As the Glasgow 2014 Commonwealth Games gets ready to begin this evening, media coverage has dwelled on the continued relevance of an event which, some claim, will compare unfavourably with the rampant success that was the London 2012 Olympics.
The level of brand activity around the Commonwealth Games has been unquestionably lower than that of two years previously. Official sponsors such as Virgin Media and SSE have invested in activation marketing, but, in terms of non-sponsors, only a handful of brands have so far looked to gatecrash the party, using famous athletes such as Sir Chris Hoy.
Yet, according to marketer Angus Kinnear (below), who sits on the board at Commonwealth Games England, the comparison is both unfair and irrelevant, in particular given the presence of rising economies such as India and Nigeria.
"Some see the Commonwealth Games as slightly anachronistic, so the team and our partners have worked hard to communicate that the event is as relevant as ever – many of these nations really value their Commonwealth membership," says Kinnear, who also holds the role of managing director at Premier League football club West Ham United.
"It has some of the biggest emerging economies in the world, so, from a brand point of view, they are able to target nations where they are looking to activate."
With up to 1bn people across the globe set to watch tonight’s opening ceremony, Kinnear claims that the spectre of London 2012 has, in fact, benefited the Commonwealth Games: "It is fantastic to have such a recent benchmark to look at.
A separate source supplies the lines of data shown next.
Lemma solution_y_nonincreasing s t : tau <= s -> s <= t -> t <= T -> y t <= y s.
Proof.
move=> tau_s st tT.
have s_in : tau <= s <= T by rewrite tau_s (le_trans st tT).
have t_in : tau <= t <= T by rewrite tT (le_trans tau_s st).
rewrite (solution_y s_in) (solution_y t_in).
apply: ge0_Rintegral_subitv st (lexx T) _ _; last by move=> *; exact: rhs_ge0.
exact: integrable_subitv tau_s (lexx T) integrable_rhs.
Qed.

Lemma solution_x_nondecreasing s t : tau <= s -> s <= t -> t <= T -> x s <= x t.
Proof.
move=> tau_s st tT.
have s_in : tau <= s <= T by rewrite tau_s (le_trans st tT).
have t_in : tau <= t <= T by rewrite tT (le_trans tau_s st).
rewrite (solution_x s_in) (solution_x t_in) lerD2l lerN2.
apply: ge0_Rintegral_subitv st (lexx T) _ _.
  exact: integrable_subitv tau_s (lexx T) integrable_y.
move=> u /andP[su uT]; apply: solution_y_ge0.
by rewrite uT (le_trans tau_s su).
Qed.

Lemma solution_y_ge_Aplus k1 k2 t : tau <= t <= T ->
  (forall s, t <= s <= T -> k1 <= x s <= k2) ->
  lam * gstar g k1 k2 * Aplus a t T <= y t.
Proof.
move=> /andP[tau_t tT] x_in; rewrite solution_y ?tau_t ?tT // /Aplus.
have ai := integrable_subitv tau_t (lexx T) (integrable_ppart ha).
rewrite -RintegralZl //; apply: le_Rintegral => //.
- by apply: eq_integrable (integrableZl _ _ ai).
- exact: integrable_subitv tau_t (lexx T) integrable_rhs.
move=> s; rewrite /= in_itv /= => s_in.
rewrite mulrAC ler_wpM2l ?mulr_ge0 ?ppart_ge0 //.
exact: gstar_le (x_in s s_in).
Qed.

Lemma solution_integral_y_ge k1 k2 t : tau <= t <= T ->
  (forall s, t <= s <= T -> k1 <= x s <= k2) ->
  lam * gstar g k1 k2 * \int[lebesgue_measure]_(xi in `[t, T]) Aplus a xi T <=
  \int[lebesgue_measure]_(s in `[t, T]) y s.
Proof.
move=> /andP[tau_t tT] x_in.
have Ai := nonincreasing_integrable (Aplus_nonincreasing_in ha tau_t).
rewrite -RintegralZl //; apply: le_Rintegral => //.
- by apply: eq_integrable (integrableZl _ _ Ai).
- exact: integrable_subitv tau_t (lexx T) integrable_y.
move=> s; rewrite /= in_itv /= => /andP[ts sT].
apply: solution_y_ge_Aplus; first by rewrite sT (le_trans tau_t ts).
by move=> u /andP[su uT]; apply: x_in; rewrite uT (le_trans ts su).
Qed.

Lemma solution_integral_y_le t : tau <= t <= T ->
  \int[lebesgue_measure]_(s in `[t, T]) y s <= y t * (T - t).
Proof.
move=> /andP[tau_t tT]; rewrite -Rintegral_itv_cst //.
apply: le_Rintegral => //.
- exact: integrable_subitv tau_t (lexx T) integrable_y.
- exact: integrable_itv_cst.
by move=> s; rewrite /= in_itv /= => /andP[ts sT]; exact: solution_y_nonincreasing.
Qed.

End cara_solution.

Theorem lemma2p5 (R : realType) (tau T : R) (a g : R -> R)
  (htau : 0 < tau) (htauT : tau < T)
  (ha : lebesgue_measure.-integrable `[tau, T] (EFin \o a))
  (hA : forall t, tau <= t < T -> 0 < Aplus a t T)
  (hg : admissible_g g)
  (k3 kT t3 gam3 : R)
  (hk3 : 0 < k3) (hk3T : k3 < kT) (hkT : kT < 1)
  (ht3 : tau < t3) (ht3T : t3 < T)
  (hgam0 : 0 < gam3) (hgam : gam3 <= (kT - k3) / (T - t3))
  (lam : R)
  (hlam : (kT - k3) / (gstar g k3 kT *
            (\int[lebesgue_measure]_(xi in `[t3, T]) Aplus a xi T)) < lam)
  (x y : R -> R)
  (hsol : cara_solution tau T lam a g x y)
  (hxT : x T = kT) (hyT : y T = 0) :
  x t3 < k3 /\ gam3 < y t3.
Proof.
have t3_in : tau <= t3 <= T by rewrite !ltW.
have t3_lt : tau <= t3 < T by rewrite ltW.
have g_ge0 := admissible_g_ge0 hg; have g_cont := admissible_g_continuous hg.
have gs_gt0 := gstar_gt0 hg hk3 (ltW hk3T) hkT.
have I_gt0 := integral_Aplus_gt0 ha t3_lt hA.
have lam_gt0 : 0 < lam.
  by rewrite (lt_trans _ hlam) // divr_gt0 ?mulr_gt0 // subr_gt0.
move: hlam; rewrite ltr_pdivrMr ?mulr_gt0 // mulrA => hlam.
have y_int_ge := solution_integral_y_ge (ltW htauT) (ltW lam_gt0) ha g_ge0 g_cont hsol hyT.
have x_t3 := solution_x hsol t3_in; rewrite hxT in x_t3.
have x_t3_lt : x t3 < k3.
  rewrite ltNge; apply/negP => k3_le.
  have x_in s : t3 <= s <= T -> k3 <= x s <= kT.
    case/andP=> t3s sT; rewrite -[kT]hxT.
    have x_nd := solution_x_nondecreasing (ltW lam_gt0) g_ge0 hsol hyT.
    by rewrite (le_trans k3_le (x_nd _ _ (ltW ht3) t3s sT)) x_nd // (le_trans (ltW ht3)).
  have := y_int_ge _ _ _ t3_in x_in; lra.
split => //.
have y_int_le :=
  solution_integral_y_le (ltW htauT) (ltW lam_gt0) ha g_ge0 g_cont hsol hyT t3_in.
apply: le_lt_trans hgam _; rewrite ltr_pdivrMr ?subr_gt0 //; lra.
Qed.
(* Let $X$ be a locally compact metrizable space, $\Lambda\subset\mathbb{R}$ a compact interval and $\{F_\lambda\}_{\lambda\in\Lambda}$ a parameterized family of discrete multivalued dynamical systems on $X$. Assume $N$ is an isolating neighborhood with respect to $F_\mu$ for some $\mu\in\Lambda$, and $P,Q,R$ are weak index pairs in $N$ with respect to $F_\mu$ with $P\subset\operatorname{int}_NQ$ and $Q\subset\operatorname{int}_NR$ (componentwise). Then there exists a neighborhood $\Lambda_0$ of $\mu$ in $\Lambda$ such that for every $\lambda\in\Lambda_0$ there is a weak index pair $P(\lambda)$ in $N$ with respect to $F_\lambda$ satisfying $P\subset P(\lambda)\subset R$ (componentwise).
   Context: A discrete multivalued dynamical system (dmds) on $X$ is a usc map $F:X\times\mathbb{Z}\multimap X$ with compact values such that $F(x,0)=\{x\}$; $F(F(x,n),m)=F(x,n+m)$ whenever $nm\ge0$; $y\in F(x,-1)\iff x\in F(y,1)$; it is identified with its generator. A parameterized family of dmds is given by an upper semicontinuous map $F:\Lambda\times X\multimap X$ with compact values, determined by a morphism, such that for each $\lambda$, $F_\lambda(x):=F(\lambda,x)$ is (the generator of) a dmds. $\operatorname{Inv}(N,\lambda)$ is the set of $x\in N$ admitting $\sigma:\mathbb{Z}\to N$ with $\sigma(0)=x$, $\sigma(n+1)\in F_\lambda(\sigma(n))$; $N$ compact is an isolating neighborhood for $F_\lambda$ if $\operatorname{Inv}(N,\lambda)\subset\operatorname{int}N$. With $\operatorname{bd}_{F_\lambda}A:=\operatorname{cl}A\cap\operatorname{cl}(F_\lambda(A)\setminus A)$, a weak index pair in $N$ with respect to $F_\lambda$ is a pair of compact sets $P_2\subset P_1\subset N$ with (a) $F_\lambda(P_i)\cap N\subset P_i$, (b) $\operatorname{bd}_{F_\lambda}P_1\subset P_2$, (c) $\operatorname{Inv}(N,\lambda)\subset\operatorname{int}(P_1\setminus P_2)$, (d) $P_1\setminus P_2\subset\operatorname{int}N$. Inclusions of pairs such as $P\subset\operatorname{int}_NQ$ mean $P_i\subset\operatorname{int}_NQ_i$ for $i=1,2$. *)

From Stdlib Require Import Reals ZArith List.
Open Scope R_scope.

Definition subset {X : Type} (A B : X -> Prop) : Prop := forall x, A x -> B x.

Definition is_metric {X : Type} (d : X -> X -> R) : Prop :=
  (forall x y, 0 <= d x y) /\ (forall x y, d x y = 0 <-> x = y) /\
  (forall x y, d x y = d y x) /\ (forall x y z, d x z <= d x y + d y z).

Definition ball {X : Type} (d : X -> X -> R) (x : X) (e : R) : X -> Prop :=
  fun y => d x y < e.

Definition is_open {X : Type} (d : X -> X -> R) (U : X -> Prop) : Prop :=
  forall x, U x -> exists e, 0 < e /\ subset (ball d x e) U.

Definition interior {X : Type} (d : X -> X -> R) (A : X -> Prop) : X -> Prop :=
  fun x => exists e, 0 < e /\ subset (ball d x e) A.

Definition rel_interior {X : Type} (d : X -> X -> R) (N A : X -> Prop) : X -> Prop :=
  fun x => A x /\ exists e, 0 < e /\ subset (fun y => ball d x e y /\ N y) A.

Definition closure {X : Type} (d : X -> X -> R) (A : X -> Prop) : X -> Prop :=
  fun x => forall e, 0 < e -> exists y, A y /\ d x y < e.

Definition is_compact {X : Type} (d : X -> X -> R) (K : X -> Prop) : Prop :=
  forall (I : Type) (U : I -> X -> Prop),
    (forall i, is_open d (U i)) ->
    subset K (fun x => exists i, U i x) ->
    exists l : list I, subset K (fun x => exists i, In i l /\ U i x).

Definition locally_compact {X : Type} (d : X -> X -> R) : Prop :=
  forall x, exists K, is_compact d K /\ exists e, 0 < e /\ subset (ball d x e) K.

(* image of a set under a multivalued map f (f x y : y ∈ f(x)) *)
Definition image {X : Type} (f : X -> X -> Prop) (A : X -> Prop) : X -> Prop :=
  fun y => exists x, A x /\ f x y.

(* discrete multivalued dynamical system F : X × Z ⊸ X;
   F x n y means y ∈ F(x,n). Z carries the discrete topology. *)
Definition is_dmds {X : Type} (d : X -> X -> R) (F : X -> Z -> X -> Prop) : Prop :=
  (forall x n (U : X -> Prop), is_open d U -> subset (F x n) U ->
     exists e, 0 < e /\ forall x', d x x' < e -> subset (F x' n) U) /\
  (forall x n, is_compact d (F x n)) /\
  (forall x y, F x 0%Z y <-> y = x) /\
  (forall x n m, (0 <= IZR n * IZR m) ->
     forall y, image (fun a => F a m) (F x n) y <-> F x (n + m)%Z y) /\
  (forall x y, F x (-1)%Z y <-> F y 1%Z x).

Definition is_dmds_generator {X : Type} (d : X -> X -> R) (f : X -> X -> Prop) : Prop :=
  exists F, is_dmds d F /\ forall x y, F x 1%Z y <-> f x y.

Definition in_interval (a b : R) : R -> Prop := fun l => a <= l /\ l <= b.

(* parameterized family of dmds over Λ = [a,b]; F l x y means y ∈ F(l,x).
   (The condition "determined by a morphism" is omitted.) *)
Definition param_family {X : Type} (d : X -> X -> R) (a b : R)
    (F : R -> X -> X -> Prop) : Prop :=
  (forall l x (U : X -> Prop), in_interval a b l -> is_open d U -> subset (F l x) U ->
     exists e, 0 < e /\ forall l' x', in_interval a b l' -> Rabs (l - l') < e ->
       d x x' < e -> subset (F l' x') U) /\
  (forall l x, in_interval a b l -> is_compact d (F l x)) /\
  (forall l, in_interval a b l -> is_dmds_generator d (F l)).

Definition Inv {X : Type} (f : X -> X -> Prop) (N : X -> Prop) : X -> Prop :=
  fun x => N x /\ exists s : Z -> X,
    (forall n, N (s n)) /\ s 0%Z = x /\ (forall n, f (s n) (s (n + 1)%Z)).

Definition isolating_nbhd {X : Type} (d : X -> X -> R) (f : X -> X -> Prop)
    (N : X -> Prop) : Prop :=
  is_compact d N /\ subset (Inv f N) (interior d N).

Definition setminus {X : Type} (A B : X -> Prop) : X -> Prop := fun x => A x /\ ~ B x.

Definition bd_f {X : Type} (d : X -> X -> R) (f : X -> X -> Prop) (A : X -> Prop) : X -> Prop :=
  fun x => closure d A x /\ closure d (setminus (image f A) A) x.

Definition weak_index_pair {X : Type} (d : X -> X -> R) (f : X -> X -> Prop)
    (N P1 P2 : X -> Prop) : Prop :=
  is_compact d P1 /\ is_compact d P2 /\ subset P2 P1 /\ subset P1 N /\
  subset (fun x => image f P1 x /\ N x) P1 /\
  subset (fun x => image f P2 x /\ N x) P2 /\
  subset (bd_f d f P1) P2 /\
  subset (Inv f N) (interior d (setminus P1 P2)) /\
  subset (setminus P1 P2) (interior d N).

From Pilot Require Import Defs.
From Stdlib Require Import Reals ZArith List.
Open Scope R_scope.
From Stdlib Require Import Lra Lia Classical ClassicalEpsilon.
Definition dual_family (n : nat) (p : nat -> nat) (F : nat -> omega K) : Prop :=
  forall j, (j < n)%nat ->
    E (F j) /\ F j (p j) = ko /\ forall i, (i < n)%nat -> i <> j -> F j (p i) = kz.

(* Density step: given duals to p_0, ..., p_(n-1), a vector of E close to the
   indicator of a new coordinate p_n, corrected by the duals, vanishes at
   p_0, ..., p_(n-1) and stays within distance < 1 of 1 at p_n. *)
Lemma vector_vanishing_before n p F :
  (forall i, (i < n)%nat -> p i <> p n) -> dual_family n p F ->
  exists g, E g /\ (forall i, (i < n)%nat -> g (p i) = kz) /\ g (p n) <> kz.
Proof.
  intros Hp HF.
  set (total := rsum (fun k => kabs K (F k (p n))) n).
  assert (Htotal : 0 <= total) by (apply rsum_nonneg; intros; apply (vf_abs_nonneg K HK)).
  set (eps := / (1 + total)).
  assert (Heps : 0 < eps) by (apply Rinv_0_lt_compat; lra).
  set (ind := fun t => if Nat.eqb t (p n) then ko else kz).
  destruct (finite_bound p (S n)) as [N HN].
  destruct (Hdense ind N eps Heps) as [e [He Hclose]].
  assert (Hen : kabs K (e (p n) +k -k ko) < eps).
  { specialize (Hclose (p n) (HN n ltac:(lia))). unfold ind in Hclose.
    rewrite Nat.eqb_refl in Hclose. exact Hclose. }
  assert (Hek : forall k, (k < n)%nat -> kabs K (e (p k)) < eps).
  { intros k Hk. specialize (Hclose (p k) (HN k ltac:(lia))). unfold ind in Hclose.
    destruct (Nat.eqb_spec (p k) (p n)) as [Heq|_]; [exfalso; exact (Hp k Hk Heq)|].
    replace (e (p k)) with (e (p k) +k -k kz) by ring. exact Hclose. }
  set (s := ksum (fun k => e (p k) *k F k (p n)) n).
  assert (Hs : kabs K s <= eps * total).
  { eapply Rle_trans; [apply kabs_sum|]. unfold total. rewrite <- rsum_scale.
    apply rsum_le. intros i Hi. rewrite (vf_abs_mul K HK).
    apply Rmult_le_compat_r; [apply (vf_abs_nonneg K HK)|]. apply Rlt_le, Hek, Hi. }
  set (g := vsub e (lincomb (fun k => e (p k)) F n)).
  exists g. split; [|split].
  - apply E_sub; [exact He|]. apply E_lincomb. intros i Hi. apply HF, Hi.
  - intros i Hi. unfold g, vsub, vadd, vscale. rewrite lincomb_at, (ksum_single _ n i Hi).
    + destruct (HF i Hi) as [_ [-> _]]. ring.
    + intros k Hk Hki. destruct (HF k Hk) as [_ [_ ->]]; auto. ring.
  - apply near_one_nonzero.
    replace (g (p n) +k -k ko) with ((e (p n) +k -k ko) +k -k s)
      by (unfold g, vsub, vadd, vscale, s; rewrite lincomb_at; ring).
    eapply Rle_lt_trans; [apply (vf_abs_triangle K HK)|]. rewrite kabs_opp.
    assert (Hone : eps * (1 + total) = 1) by (unfold eps; field; lra).
    nra.
Qed.

Lemma duals n p : (forall i j, (i < n)%nat -> (j < n)%nat -> p i = p j -> i = j) ->
  exists F, dual_family n p F.
Proof.
  induction n as [|n IH]; intros Hp; [exists (fun _ => vzero); intros j Hj; lia|].
  destruct IH as [F HF]; [intros; apply Hp; lia|].
  destruct (vector_vanishing_before n p F) as [g [Hg [Hg0 Hgn]]]; [|exact HF|].
  { intros i Hi Heq. apply Hp in Heq; lia. }
  destruct (vf_inv K HK _ Hgn) as [y Hy].
  set (h := vscale y g).
  assert (Hh : E h /\ h (p n) = ko /\ forall i, (i < n)%nat -> h (p i) = kz).
  { unfold h, vscale. split; [apply E_scale, Hg | split; [exact Hy|]].
    intros i Hi. rewrite Hg0 by exact Hi. ring. }
  destruct Hh as [HhE [Hhn Hh0]].
  (* normalise g into h, then make the old duals vanish at p_n using h *)
  exists (fun j => if Nat.eqb j n then h else vsub (F j) (vscale (F j (p n)) h)).
  intros j Hj. cbv beta. destruct (Nat.eqb_spec j n) as [->|Hjn].
  - split; [exact HhE | split; [exact Hhn|]]. intros i Hi Hin. apply Hh0. lia.
  - destruct (HF j ltac:(lia)) as [HFE [HF1 HF0]].
    split; [apply E_sub, E_scale; assumption|]. unfold vsub, vadd, vscale. split.
    + rewrite Hh0, HF1 by lia. ring.
    + intros i Hi Hij. destruct (Nat.eq_dec i n) as [->|Hin].
      * rewrite Hhn. ring.
      * rewrite Hh0, HF0 by lia. ring.
Qed.

Lemma separating_vector n p q :
  (forall i j, (i < n)%nat -> (j < n)%nat -> p i = p j -> i = j) ->
  (forall i, (i < n)%nat -> p i <> q) ->
  exists g, E g /\ g q = ko /\ forall i, (i < n)%nat -> g (p i) = kz.
Proof.
  intros Hp Hq. destruct (duals (S n) (upd p n q)) as [F HF].
  - intros i j Hi Hj.
    destruct (Nat.eq_dec i n) as [->|Hin]; destruct (Nat.eq_dec j n) as [->|Hjn];
      rewrite ?upd_eq, ?upd_neq by auto; auto.
    + intros H. exfalso. apply (Hq j); [lia|auto].
    + intros H. exfalso. apply (Hq i); [lia|auto].
    + apply Hp; lia.
  - destruct (HF n ltac:(lia)) as [HE1 [HE2 HE3]]. rewrite upd_eq in HE2.
    exists (F n). split; [exact HE1 | split; [exact HE2|]].
    intros i Hi. rewrite <- (upd_neq p n q i) by lia. apply HE3; lia.
Qed.
Lemma qform2 (v : 'cV[R[i]]_2) (A : cmat R) :
  (adjmx v *m A *m v) 0 0 =
  (v 0 0)^* * (A 0 0 * v 0 0 + A 0 1 * v 1 0) +
  (v 1 0)^* * (A 1 0 * v 0 0 + A 1 1 * v 1 0).
Proof.
rewrite !mxE !big_ord_recr !big_ord0 /= !add0r !mxE !big_ord_recr !big_ord0 /= !add0r.
have -> : widen_ord (leqnSn 1) ord_max = 0 :> 'I_2 by apply/val_inj.
have -> : ord_max = 1 :> 'I_2 by apply/val_inj.
by rewrite /adjmx !mxE; ring.
Qed.

(* For v = (v0, v1): |v0|^2, |v1|^2 and the interference term
   complex.Re (e^{i theta} conj(v0) v1). *)
Definition nrm0 (v : 'cV[R[i]]_2) : R := complex.Re (v 0 0) ^+ 2 + complex.Im (v 0 0) ^+ 2.
Definition nrm1 (v : 'cV[R[i]]_2) : R := complex.Re (v 1 0) ^+ 2 + complex.Im (v 1 0) ^+ 2.
Definition interf (theta : R) (v : 'cV[R[i]]_2) : R :=
  (complex.Re (v 0 0) * complex.Re (v 1 0) + complex.Im (v 0 0) * complex.Im (v 1 0)) * cos theta
  + (complex.Re (v 0 0) * complex.Im (v 1 0) - complex.Im (v 0 0) * complex.Re (v 1 0)) * sin theta.

Lemma nrm0_ge0 v : 0 <= nrm0 v. Proof. by rewrite addr_ge0 ?sqr_ge0. Qed.
Lemma nrm1_ge0 v : 0 <= nrm1 v. Proof. by rewrite addr_ge0 ?sqr_ge0. Qed.

Lemma phase_mx_form (a b d theta : R) (v : 'cV[R[i]]_2) :
  (adjmx v *m phase_mx a b d theta *m v) 0 0 =
  (a * nrm0 v + 2 * b * interf theta v + d * nrm1 v)%:C.
Proof.
rewrite qform2 /phase_mx /mx2 !mxE /= /nrm0 /nrm1 /interf.
case: (v 0 0) => x0 y0; case: (v 1 0) => x1 y1 /=.
by apply/eqP; rewrite eq_complex /=; apply/andP; split; apply/eqP; ring.
Qed.

(* Cauchy-Schwarz for the interference term, using cos^2 + sin^2 = 1. *)
Lemma interf_sqr_le (theta : R) v : interf theta v ^+ 2 <= nrm0 v * nrm1 v.
Proof.
rewrite /interf /nrm0 /nrm1.
set p := _ + _ * complex.Im (v 1 0); set q := _ - _ * complex.Re (v 1 0).
have lagrange : (p * cos theta + q * sin theta) ^+ 2 + (p * sin theta - q * cos theta) ^+ 2
    = p ^+ 2 + q ^+ 2.
  by rewrite -[RHS]mulr1 -(cos2Dsin2 theta); ring.
have expand : p ^+ 2 + q ^+ 2 = (complex.Re (v 0 0) ^+ 2 + complex.Im (v 0 0) ^+ 2) *
    (complex.Re (v 1 0) ^+ 2 + complex.Im (v 1 0) ^+ 2) by rewrite /p /q; ring.
rewrite expand in lagrange.
by have := sqr_ge0 (p * sin theta - q * cos theta); lra.
Qed.

Lemma phase_mx_psd (a b d theta : R) :
  0 <= a -> 0 <= d -> b ^+ 2 <= a * d -> psd (phase_mx a b d theta).
Proof.
move=> a0 d0 bad v; rewrite phase_mx_form ler0c.
have P0 := nrm0_ge0 v; have Q0 := nrm1_ge0 v; have W2 := interf_sqr_le theta v.
set P := nrm0 v in P0 W2 *; set Q := nrm1 v in Q0 W2 *; set W := interf theta v in W2 *.
have S0 : 0 <= a * P + d * Q by rewrite addr_ge0 // mulr_ge0.
have amgm : 4 * (a * d) * (P * Q) <= (a * P + d * Q) ^+ 2.
  by have := sqr_ge0 (a * P - d * Q); nra.
have cross : b ^+ 2 * W ^+ 2 <= (a * d) * (P * Q).
  apply: le_trans (_ : b ^+ 2 * (P * Q) <= _).
    by rewrite ler_wpM2l // sqr_ge0.
  by rewrite ler_wpM2r // mulr_ge0.
have : (2 * b * W) ^+ 2 <= (a * P + d * Q) ^+ 2 by nra.
nra.
Qed.

End PhaseMatrices.
Section PhaseDensities.
Variable R : realType.
Notation mu := (@lebesgue_measure R).

(* An operator density y |-> [[A, B y e^{-i theta}], [B y e^{i theta}, C + D y^2]]
   with respect to the Gaussian weight, given by its four real coefficients. *)
Record phase_density := PhaseDensity { dA : R; dB : R; dC : R; dD : R }.

Definition phase_density_add (p q : phase_density) : phase_density :=
  PhaseDensity (dA p + dA q) (dB p + dB q) (dC p + dC q) (dD p + dD q).

(* Sufficient condition for the density to be psd at every point y. *)
Definition admissible (p : phase_density) : Prop :=
  [/\ 0 <= dA p, 0 <= dC p, 0 <= dD p & dB p ^+ 2 <= dA p * dD p].

(* The operator obtained by integrating the density against the weight over Y. *)
Definition block (p : phase_density) (theta : R) (Y : set R) : cmat R :=
  phase_mx (dA p * gmoment 0 Y) (dB p * gmoment 1 Y)
           (dC p * gmoment 0 Y + dD p * gmoment 2 Y) theta.

Definition quadrature_density (epst : R) : phase_density :=
  PhaseDensity 1 ((1 - epst) * Num.sqrt 2) epst ((1 - epst) * 2).

Lemma blockD (p q : phase_density) theta Y :
  block p theta Y + block q theta Y = block (phase_density_add p q) theta Y.
Proof. by rewrite /block phase_mxD /=; congr phase_mx; ring. Qed.

Lemma block_set0 (p : phase_density) theta : block p theta set0 = 0.
Proof. by rewrite /block !gmoment_set0 !mulr0 addr0 phase_mx0. Qed.

(* Over the whole line only the diagonal survives, since the weight has
   moments 1, 0 and 1/2. *)
Lemma blockT (p : phase_density) theta :
  block p theta setT = phase_mx (dA p) 0 (dC p + dD p / 2) theta.
Proof. by rewrite /block gmoment0T gmoment1T gmoment2T !mulr1 mulr0. Qed.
Even though we’re not on the same scale as the BOA [British Olympic Association], it is our aspiration to deliver to the same level. 2012 was a unique moment, but we want to make Glasgow 2014 equally unique."
Politics have at times threatened to hinder the Games, not least due to the impending referendum on Scottish independence. Though laughing at the suggestion of being able to write on his CV that he helped break up a 300-year union, he admits the role of an England team has required "some explanation".
The idea of Team England, crossing the border to do battle with the old enemy, is one which captures the imagination.
"It is a unique chance to see athletes represent England. Brands value that expression of Englishness, in competing with England, Scotland, Northern Ireland and the Isle of Man," he says. "It isn’t a home games, but it is as close as it is going to get. And the idea of Team England, crossing the border to do battle with the old enemy, is one which captures the imagination."
Kinnear hopes that the so-called ‘Friendly Games’ will retain a sporting focus, and will avoid being hijacked by either pro- or anti-independence campaigners: "We’ve got to focus on the sport, as it is a risk to dwell on politics, from both sides of the debate. Everyone has been pretty respectful, understanding that this is about the sport, and not allowing what should be two great weeks to be overshadowed by that debate."
As soon as the Commonwealth Games ends, Kinnear will once more focus on the day-job of running West Ham United, with the sights firmly set on the club’s move to the Olympic Stadium in 2016 – a move which he believes will "redefine" its brand
"We’re only two years from our move to the Olympic Stadium, so all plans across the next year will be ensuring that the stadium is ready – even migrating supporters over to their next seats in the Olympic Stadium," he says.
"It is going to place West Ham on a unique trajectory. If you had to build a stadium anywhere in the world, you would choose the Premier League, you would choose London and you would choose the Olympic Park. Having that world-class stadium will redefine West Ham from a brand perspective."